Software Company monday.com Plunges 22% today, -82% from High, -50% from IPO Price, into our Imploded Stocks

Is it finally time to bottom-fish this stock? Or is it a falling knife? 

By Wolf Richter for WOLF STREET.

Amid the general repricing of providers of enterprise Software as a Service (SaaS) in recent months, cloud-based collaborative work-management platform with “Agentic AI products,” monday.com, reported earnings this morning, upon which its shares [MNDY] plunged by 22%, to about $76.70 at the moment. If it closes at this price, it will be a record-low closing price.

Since the all-time high in November 2021 ($444.70), the stock has now plunged by 82%, and thereby has become eligible for our pantheon of Imploded Stocks, for which the minimum requirement is a plunge of 70% from the more or less recent all-time high.

The company went public in June 2021 at an IPO price of $155 a share, amid the immense consensual hallucination at the time. Shares are now down by 51% from the IPO price.

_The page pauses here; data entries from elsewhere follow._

Lemma alpha_hat_perturb (R : realType) (al be dl c : R) :
  0 <= al -> 0 <= be -> al + be <= 1 -> 0 <= dl <= 1 ->
  0 < c -> c <= (1 - dl) * (1 - al - be) ^+ 2 ->
  forall D1 D2 e : R, e <= c / 4 -> `|D1| <= e -> `|D2| <= e ->
  `|alpha_hat R be (mean_u1 al be dl + D1) (mean_u2 al be dl + D2) - al| <= 20 / c * e.
Proof.
move=> al_ge0 be_ge0 al_be_le1 /andP[dl_ge0 dl_le1] c_gt0 c_le D1 D2 e e_le.
move=> /ler_normlP[? ?] /ler_normlP[? ?].
rewrite /alpha_hat; apply: normr_div_subr_le => //.
  rewrite (_ : _ + be - 1 = - ((1 - dl) * (1 - al - be)) + D1); last by rewrite /mean_u1; ring.
  rewrite ler_normr; apply/orP; right; nra.
rewrite (_ : _ - al * _ = (be - al) * D1 - D2); last by rewrite /mean_u1 /mean_u2; ring.
by apply/ler_normlP; split; nra.
Qed.

Lemma delta_hat_beta_perturb (R : realType) (al be dl c : R) :
  0 <= al -> 0 <= be -> al + be <= 1 -> 0 <= dl <= 1 ->
  0 < c -> c <= (1 - dl) * (1 - al - be) ^+ 2 ->
  forall D1 D2 e : R, e <= c / 4 -> `|D1| <= e -> `|D2| <= e ->
  `|delta_hat_beta R be (mean_u1 al be dl + D1) (mean_u2 al be dl + D2) - dl|
  <= 20 / c * e.
Proof.
move=> al_ge0 be_ge0 al_be_le1 /andP[dl_ge0 dl_le1] c_gt0 c_le D1 D2 e e_le.
move=> /ler_normlP[? ?] /ler_normlP[? ?].
have /andP[s_ge0 s_le1] : 0 <= 1 - al - be <= 1 by apply/andP; split; lra.
have s2_ge0 := sqr_ge0 (1 - al - be).
have s2_le1 : (1 - al - be) ^+ 2 <= 1 by rewrite exprn_ile1.
have c_le1 : c <= 1 by nra.
have /andP[e_ge0 e_le1] : 0 <= e <= 1 by apply/andP; split; lra.
have /andP[? ?] : 0 <= mean_u1 al be dl <= 1 by rewrite mean_u1_ge0_le1 ?dl_ge0.
rewrite /delta_hat_beta; apply: normr_div_subr_le => //.
  rewrite (_ : _ - (1 - be) ^+ 2 =
      - ((1 - dl) * (1 - al - be) ^+ 2) + (1 - 2 * be) * D1 + D2); last first.
    by rewrite /mean_u1 /mean_u2; ring.
  rewrite ler_normr; apply/orP; right; nra.
rewrite (_ : _ - dl * _ =
    (2 * mean_u1 al be dl - 1 - dl * (1 - 2 * be)) * D1 + D1 ^+ 2 + (1 - dl) * D2); last first.
  by rewrite /mean_u1 /mean_u2; ring.
have /andP[q_ge q_le] : -3 <= 2 * mean_u1 al be dl - 1 - dl * (1 - 2 * be) <= 3.
  by apply/andP; split; nra.
set q := 2 * mean_u1 al be dl - _ - _ in q_ge q_le *.
by apply/ler_normlP; split; nra.
Qed.

Lemma delta_ge0_le1 (R : realType) (A : forall p : nat, 'I_p -> 'I_p -> bool) (p : nat) :
  0 <= delta R A p <= 1.
Proof.
have [pp1_eq0 | pp1_neq0] := eqVneq ((p * p.-1)%N%:R : R) 0.
  by rewrite /delta pp1_eq0 invr0 mulr0 mul0r lexx ler01.
have N_gt0 : 0 < Nn R p by rewrite divr_gt0 // lt_def pp1_neq0 ler0n.
have S_ge0 : 0 <= \sum_(k : 'I_p * 'I_p | (k.1 < k.2)%N) (A p k.1 k.2 : nat)%:R :> R.
  by apply: sumr_ge0 => k _; rewrite ler0n.
have S_le : \sum_(k : 'I_p * 'I_p | (k.1 < k.2)%N) (A p k.1 k.2 : nat)%:R <= Nn R p.
  rewrite -sum_pairs_lt_1; apply: ler_sum => k _.
  by case/andP: (natr_bool_ge0_le1 R (A p k.1 k.2)).
rewrite sum_pairs_A // in S_ge0 S_le.
by rewrite -(pmulr_rge0 _ N_gt0) S_ge0 -(ler_pM2l N_gt0) mulr1 S_le.
Qed.

Lemma Nn_to_infty (R : realType) (A : forall p : nat, 'I_p -> 'I_p -> bool) :
  tends_to_infty R (fun p => (p * p.-1)%N%:R * delta R A p) -> tends_to_infty R (Nn R).
Proof.
move=> N1_infty M; have [P0 hP0] := N1_infty (2 * M); exists P0 => p /hP0.
have /andP[_ dl_le1] := delta_ge0_le1 R A p.
rewrite /Nn; move: (ler0n R (p * p.-1)); move: (_%:R) => x; nra.
Qed.

Lemma eventually_inv_sqrt_le (R : realType) (f : nat -> R) (K e : R) :
  tends_to_infty R f -> 0 < e ->
  exists P0 : nat, forall p, (P0 <= p)%N -> 0 < f p /\ K / Num.sqrt (f p) <= e.
Proof.
move=> f_infty e_gt0; have [P0 hP0] := f_infty ((K / e) ^+ 2).
exists P0 => p /hP0 lt_f; have f_gt0 : 0 < f p := le_lt_trans (sqr_ge0 _) lt_f.
split=> //; rewrite ler_pdivrMr ?sqrtr_gt0 // -ler_pdivrMl //.
by apply: (le_trans (ler_norm _)); apply: ltW; rewrite -sqrtr_sqr ltr_sqrt // mulrC.
Qed.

In early November, when the stock traded at over $200, 80% of the 25 brokerage firms that cover the stock had a “strong buy” rating on the stock, 8.3% a “buy” rating, and 12.5% a “hold” rating, according to Zacks.

But none had the only rating that would have nailed it: “Sell.” Then, armed with these ratings, the stock plunged by 63% in three months. Why is anyone still paying attention to these ratings?

The stock is traded on the Nasdaq, the company is headquartered in Israel, and files its earnings reports (6-Ks) with the SEC as a “foreign issuer.”

Its Q4 revenues of $334 million, revenue growth of 25%, and adjusted profit of $1.04 per share beat the average of analysts’ expectations.

But its Q1 revenue guidance of $338-340 million fell short; its Q1 revenue growth guidance of 20% fell short; its Q1 guidance for operating income fell short; and its guidance for the full year metrics fell short.

GAAP operating income dropped to $2.4 million in Q4, from $9.6 million a year ago; GAAP operating margin dropped to 1%, from 4% a year ago.

Finally time to bottom-fish this stock? Or is it a falling knife?

I don’t have answers here, only some observations: With GAAP earnings per share in 2025 of $2.24, and even at the current collapsed share price, the stock still has a trailing 12-month P/E ratio of 34.

That’s high for a company that is dialing down its revenue growth rate to 20%, and maybe dialing-down more later amid a whirlwind of software industry challenges, including from AI, perceived or real. The company also continues to issue new shares and thereby continues to dilute existing shareholders: In 2025, its share count increased by 3.1% year-over-year.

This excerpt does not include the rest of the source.